Measuring Annotator Reliability
We measure annotator reliability because inconsistent annotation or lack of adherence to the annotation guidelines will lead to a less accurate classifier. Especially when starting a new project or on-boarding new human annotators, we check for reliable annotations by having a subset of data annotated in parallel by multiple human annotators.
To measure inter-annotator reliability, we recommend using Krippendorff’s alpha, a statistical inter-rater reliability metric. Krippendorff’s alpha scores range from -1.0 to 1.0 with 1.0 indicating perfect agreement between annotators. A score of 0.0 indicates agreement no better than random chance (as if your annotators picked their labels randomly out of a hat). A reliability score of 0.80 or greater is generally considered sufficient (though, the higher the better). Lower scores may indicate potential issues with your data, your annotation guidelines, or your annotators’ understanding of the task. A low level of inter-annotator agreement will ultimately lead to a less accurate classifier, so we recommend repeatedly measuring the reliability of your annotators until they achieve a satisfactory level of agreement. The cases where annotators disagree are usually good examples to include in your annotation guidelines. It can be useful to have a discussion about points of disagreement with your annotators as a group to reach a consensus.
Guidelines for Training and Evaluating your Custom Model
The Classification Field Training Kit (FTK) is used to train and evaluate your model. But first you need to set up your human-annotated corpus to enable you to train, experiment, and evalutate the resulting machine-learned models.
The standard practice for supervised learning (where a statistical model learns from the gold-standard, human annotated training data) is to partition your annotated data into the following parts:
Training set: used to train the model
-
Testing corpora
Development set: used to test the model and then tune it to increase accuracy
Evaluation set: used to score the model on precision, recall, and F-score. This data is never reviewed in order to preserve its impartiality and utility for evaluating models.
The motivation for splitting the data into training and testing sets is that if you evaluate a model on documents that it has seen during training, you are not measuring its true performance on new, unseen data that the model will encounter in the real world. As a quick check, you can evaluate a model against the data it was trained on. In this case, the results should be near perfect, and highly inflated compared to real-world performance.

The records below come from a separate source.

Lemma is_lim_seq_divn_ratio l : (0 < l)%nat ->
  is_lim_seq (fun n => INR (n %/ l * l) / INR n) 1.
Proof.
move=> l_gt0; have l_pos : 0 < INR l by apply: lt_0_INR; apply/ltP.
have inv_lim : is_lim_seq (fun n => / INR n) 0 by apply: (is_lim_seq_inv _ _ is_lim_seq_INR).
have lower_lim : is_lim_seq (fun n => 1 - INR l * / INR n) 1.
  have := is_lim_seq_minus' _ _ _ _ (is_lim_seq_const 1) (is_lim_seq_scal_l _ (INR l) _ inv_lim).
  by rewrite /= Rmult_0_r Rminus_0_r.
apply: (is_lim_seq_le_le_loc _ _ _ _ _ lower_lim (is_lim_seq_const 1)).
exists l => n /leP n_ge; have n_pos : 0 < INR n by apply: lt_0_INR; apply/ltP/(leq_trans l_gt0).
have floor_le : INR (n %/ l * l) <= INR n by apply/le_INR/leP/leq_divM.
have floor_gt : INR n - INR l <= INR (n %/ l * l).
  suff : INR n <= INR (n %/ l * l) + INR l by lra.
  by rewrite -plus_INR; apply/le_INR/leP; have := ltn_ceil n l_gt0; lia.
split; last by rewrite Rle_div_l; lra.
rewrite -Rle_div_r //; have : (1 - INR l * / INR n) * INR n = INR n - INR l by field; lra.
lra.
Qed.

Section Normality.
Variables (A : finType) (x : nat -> A).

Definition bounded_block_freq (C : R) : Prop :=
  forall m, exists2 L, (m <= L)%nat & forall t, size t = L ->
    eventually (fun N => INR (nblocks x L t N) <= C / nwords A L * INR N).

Lemma nblocks_freq_upper C (u : seq A) e :
  0 < C -> bounded_block_freq C -> (0 < size u)%nat -> 0 < e ->
  eventually (fun M => INR (nblocks x (size u) u M) <= (/ nwords A (size u) + e) * INR M).
Proof.
move=> C_gt0 freqC u_gt0 e_gt0; set l := size u; set q := nwords A l.
have q_ge1 : 1 <= q := nwords_ge1 (x 0) l.
have l_gt0 : 0 < INR l by apply: lt_0_INR; apply/ltP.
set T := 4 * C * INR l / e.
have T_gt0 : 0 < T by rewrite /T; apply: Rdiv_lt_0_compat => //; nra.
set Y := INR l ^ 2 + C * INR l ^ 2 * T.
have Y_gt0 : 0 < Y.
  have l2_gt0 : 0 < INR l ^ 2 by apply: pow_lt.
  have : 0 < C * INR l ^ 2 * T by apply: Rmult_lt_0_compat => //; apply: Rmult_lt_0_compat.
  rewrite /Y; lra.
have [m L_big] := eventually_INR_gt (Y * 4 / e).
have [L mL freqL] := freqC m; have {}L_big := L_big L (leP mL).
have Y_lt : Y < e / 4 * INR L by move: L_big; rewrite Rlt_div_l //; lra.
have L_pos : 0 < INR L by apply: Rlt_trans L_big; apply: Rdiv_lt_0_compat; lra.
have L_gt0 : (0 < L)%nat by apply/ltP/INR_lt.
set K := block_bound (INR l) (INR L) q C T / q.
have bound_le : INR l / INR L * K <= / q + e / 2.
  apply: block_bound_le => //; try lra.
    by rewrite /T; apply: Req_le; field; lra.
  by rewrite Rle_div_l // -/Y; lra.
have K_ge0 : 0 <= K.
  have Ll_ge0 : 0 <= INR L / INR l by apply: Rdiv_le_0_compat; lra.
  have LlqT_ge0 : 0 <= INR L / INR l * q / T by apply: Rdiv_le_0_compat => //; nra.
  have : 0 <= C * INR l * (INR L / INR l * q / T + T) by apply: Rmult_le_pos; [nra | lra].
  by rewrite /K /block_bound => ?; apply: Rdiv_le_0_compat; [nra | lra].
have freq_multiples : eventually (fun N => INR (nblocks x l u (L * N %/ l)) <= INR N * K).
  have /eventually_all : forall t, t \in words A L ->
      eventually (fun N => INR (nblocks x L t N) <= C / nwords A L * INR N).
    by move=> t; rewrite mem_words => /eqP /freqL.
  apply: filter_imp => N /(nblocks_le u_gt0 (Rlt_le _ _ C_gt0) T_gt0); rewrite -/l -/q => bound.
  apply: (Rmult_le_reg_l q); first lra.
  suff -> : q * (INR N * K) = INR N * block_bound (INR l) (INR L) q C T by [].
  by rewrite /K; field; lra.
have half_e_gt0 : 0 < e / 2 by lra.
apply: filter_imp (nblocks_interpolate u_gt0 L_gt0 K_ge0 half_e_gt0 freq_multiples) => M.
rewrite -/l; have : INR l / INR L * K + e / 2 <= / q + e by lra.
by move/(Rmult_le_compat_r _ _ _ (pos_INR M)); lra.
Qed.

Ideally, each of the training and testing partitions maintains a balanced distribution of categories. So, assuming your corpus was balanced to begin with, you could maintain balance by dividing the data labeled with each category into three parts and then putting each third into the training, development, and evaluation set.
For example, imagine a small corpus with 300 documents annotated with three food-related categories:
You might partition your corpus as follows:
The development cycle is as follows:
Train a classifier using a training set.
Test the classifier against the development set.

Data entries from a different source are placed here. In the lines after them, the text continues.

(* Let $X_1,\dots,X_d$ be discrete random variables, $X_j$ taking values in $\{0,1,\dots,r_j\}$, fix $M\subseteq\{1,\dots,d\}$, and let $\pi=p(M)$ be the (strictly positive) vector of joint probabilities of $(X_j)_{j\in M}$. Let $\mathcal V\subseteq\mathcal P(M)$, $\mathcal I\subseteq\mathcal V$, $\mathcal R=\mathcal V\setminus\mathcal I$, and let $\mathcal H$ be a collection of interaction blocks from $\mathcal P(M)\setminus\mathcal V$ whose total number of parameters (columns of $G_{\mathcal H}$) equals that of $\mathcal I$. Put $$A=F_{\mathcal H\mathcal H}-F_{\mathcal H\mathcal R}F_{\mathcal R\mathcal R}^{-1}F_{\mathcal R\mathcal H},\qquad B=F_{\mathcal H\mathcal H}-F_{\mathcal H\mathcal V}F_{\mathcal V\mathcal V}^{-1}F_{\mathcal V\mathcal H},\qquad J=A^{-1}B,$$ $$Q_{\mathcal I\mathcal H\mid\mathcal R}=F_{\mathcal I\mathcal H}-F_{\mathcal I\mathcal R}F_{\mathcal R\mathcal R}^{-1}F_{\mathcal R\mathcal H}.$$ Then the spectral radius (maximum absolute eigenvalue) of $J$ is strictly less than $1$, except when $Q_{\mathcal I\mathcal H\mid\mathcal R}$ is not of full rank (in which case it equals $1$).
   Context: Notation: $\mathcal P(M)$ is the set of nonempty subsets of $M$. For $\emptyset\ne I\subseteq M$, $G(I,M)=\bigotimes_{j\in M}G_j$ where $G_j$ is the identity matrix of order $r_j+1$ with its first column removed if $j\in I$, and $G_j=\mathbf 1_{r_j+1}$ otherwise (cells ordered lexicographically). An ''interaction block'' is either $G(v,M)$ for some $v\in\mathcal P(M)$, or, for disjoint $t,h$ with $t\cup h=v$ and a vector $j_h$ of categories all different from $0$, the submatrix $G_{t,h}(j_h)$ of $G(v,M)$ consisting of the columns where the variables in $h$ equal $j_h$. For a collection $\mathcal X$ of blocks, $G_{\mathcal X}$ is the matrix obtained by placing the blocks side by side; with $\Omega=\mathrm{diag}(\pi)-\pi\pi'$, $F_{\mathcal X\mathcal Y}=G_{\mathcal X}'\Omega G_{\mathcal Y}$. When $\mathcal R=\emptyset$ the terms involving $F_{\mathcal R\mathcal R}^{-1}$ are absent. *)

(* pure linear algebra over an arbitrary real closed field R
   (the reals being the motivating instance); eigenvalues live in R[i]. *)
From HB Require Import structures.
From mathcomp Require Import all_boot all_order all_algebra.
From mathcomp.real_closed Require Import complex.
Set Implicit Arguments. Unset Strict Implicit. Unset Printing Implicit Defensive.
Import Order.TTheory GRing.Theory Num.Theory.
Local Open Scope ring_scope.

Experiment with different features, model parameter, or learning strategies to determine what produces the best results.
Perform error analysis by inspecting the documents in the development set where your model is making incorrect predictions.
If unsatisfied with the performance on the development set, repeat from step #1.
If satisfied with the performance on the development set, evaluation your model against the evaluation set and note the scores. You may need to add more data to the training set if results indicate that your training data is insufficient.
The process of trying different strategies to optimize your model (step #3) is called tuning—and specifically, you are tuning your model to perform well on the development set. Note, however, that you do not want to tune your classifier to the evaluation set.
Important
Do not look at the documents in the evaluation set once you’ve begun tuning. Looking at the evaluation set may influence the changes you make to your model that would improve its performance on the evaluation set. Tuning your model to the evaluation set invalidates it because it will end up overestimating your classifier’s real-world performance. Once the evaluation data is invalidated, you will need to manually annotate new gold-standard evaluation data (which is expensive and time-consuming). Do not look at the evaluation data to ensure you maintain experimentally valid data to measure of your model’s accuracy on unseen documents.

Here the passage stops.